--- PROBLEM TO WORK ON ---
Show, from the records below, all lines that contain the word "exact".

------ DATASET RECORDS ------

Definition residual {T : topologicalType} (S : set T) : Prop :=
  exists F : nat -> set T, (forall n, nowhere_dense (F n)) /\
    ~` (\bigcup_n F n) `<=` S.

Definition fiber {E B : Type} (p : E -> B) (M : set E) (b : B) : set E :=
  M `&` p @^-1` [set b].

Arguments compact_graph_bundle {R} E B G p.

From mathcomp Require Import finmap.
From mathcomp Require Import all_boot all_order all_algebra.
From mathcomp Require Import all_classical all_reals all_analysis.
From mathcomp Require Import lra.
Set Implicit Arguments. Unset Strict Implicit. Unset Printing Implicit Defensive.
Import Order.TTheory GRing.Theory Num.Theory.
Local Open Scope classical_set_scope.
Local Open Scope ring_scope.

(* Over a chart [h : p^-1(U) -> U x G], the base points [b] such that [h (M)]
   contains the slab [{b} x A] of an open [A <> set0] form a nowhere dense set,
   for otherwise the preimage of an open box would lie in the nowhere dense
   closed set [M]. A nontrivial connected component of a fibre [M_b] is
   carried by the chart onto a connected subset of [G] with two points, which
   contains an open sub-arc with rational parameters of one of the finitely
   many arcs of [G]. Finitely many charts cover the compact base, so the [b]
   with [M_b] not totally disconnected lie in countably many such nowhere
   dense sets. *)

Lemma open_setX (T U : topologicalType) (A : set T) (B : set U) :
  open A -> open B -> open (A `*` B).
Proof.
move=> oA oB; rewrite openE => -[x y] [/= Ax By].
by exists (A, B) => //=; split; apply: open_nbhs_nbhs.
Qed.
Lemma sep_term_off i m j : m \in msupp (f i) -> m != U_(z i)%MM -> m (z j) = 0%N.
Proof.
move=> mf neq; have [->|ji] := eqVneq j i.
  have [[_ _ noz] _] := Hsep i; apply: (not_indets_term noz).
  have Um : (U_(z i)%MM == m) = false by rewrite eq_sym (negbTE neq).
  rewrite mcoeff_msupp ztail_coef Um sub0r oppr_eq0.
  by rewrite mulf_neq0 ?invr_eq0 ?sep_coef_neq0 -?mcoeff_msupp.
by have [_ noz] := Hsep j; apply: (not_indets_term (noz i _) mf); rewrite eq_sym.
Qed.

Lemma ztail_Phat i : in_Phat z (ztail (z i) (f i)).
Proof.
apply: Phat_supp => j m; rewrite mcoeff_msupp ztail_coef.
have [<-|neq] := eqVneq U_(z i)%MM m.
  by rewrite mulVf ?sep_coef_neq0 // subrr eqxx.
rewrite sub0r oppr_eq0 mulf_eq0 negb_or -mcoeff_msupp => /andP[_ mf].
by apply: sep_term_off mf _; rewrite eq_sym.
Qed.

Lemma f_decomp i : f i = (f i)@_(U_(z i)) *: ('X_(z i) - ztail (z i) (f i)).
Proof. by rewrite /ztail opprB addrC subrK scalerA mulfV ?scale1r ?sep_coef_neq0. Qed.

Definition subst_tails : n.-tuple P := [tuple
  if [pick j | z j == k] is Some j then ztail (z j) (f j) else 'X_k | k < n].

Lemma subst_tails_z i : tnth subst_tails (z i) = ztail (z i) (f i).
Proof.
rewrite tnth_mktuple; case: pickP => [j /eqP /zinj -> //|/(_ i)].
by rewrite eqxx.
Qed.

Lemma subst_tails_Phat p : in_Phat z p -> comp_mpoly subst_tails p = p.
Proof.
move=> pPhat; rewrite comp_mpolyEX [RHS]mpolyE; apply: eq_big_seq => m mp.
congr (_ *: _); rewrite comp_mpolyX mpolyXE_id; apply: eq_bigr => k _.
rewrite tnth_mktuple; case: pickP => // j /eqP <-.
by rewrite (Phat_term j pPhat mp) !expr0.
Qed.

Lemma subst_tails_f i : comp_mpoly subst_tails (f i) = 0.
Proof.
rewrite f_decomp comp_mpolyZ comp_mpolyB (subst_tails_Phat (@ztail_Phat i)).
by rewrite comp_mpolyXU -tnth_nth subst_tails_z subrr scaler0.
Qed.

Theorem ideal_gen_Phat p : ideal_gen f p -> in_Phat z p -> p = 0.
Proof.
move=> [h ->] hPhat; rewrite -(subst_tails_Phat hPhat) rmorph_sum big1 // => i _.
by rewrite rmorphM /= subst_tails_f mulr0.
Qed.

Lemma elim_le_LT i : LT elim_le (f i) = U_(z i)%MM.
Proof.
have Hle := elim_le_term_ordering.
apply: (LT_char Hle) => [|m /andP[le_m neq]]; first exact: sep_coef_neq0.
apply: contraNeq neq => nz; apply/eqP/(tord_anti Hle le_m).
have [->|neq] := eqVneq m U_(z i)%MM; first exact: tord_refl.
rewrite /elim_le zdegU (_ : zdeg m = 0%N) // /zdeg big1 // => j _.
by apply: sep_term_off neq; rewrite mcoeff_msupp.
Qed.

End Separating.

------

--- EXPECTED ANSWER ---
apply: (LT_char Hle) => [|m /andP[le_m neq]]; first exact: sep_coef_neq0.
have [->|neq] := eqVneq m U_(z i)%MM; first exact: tord_refl.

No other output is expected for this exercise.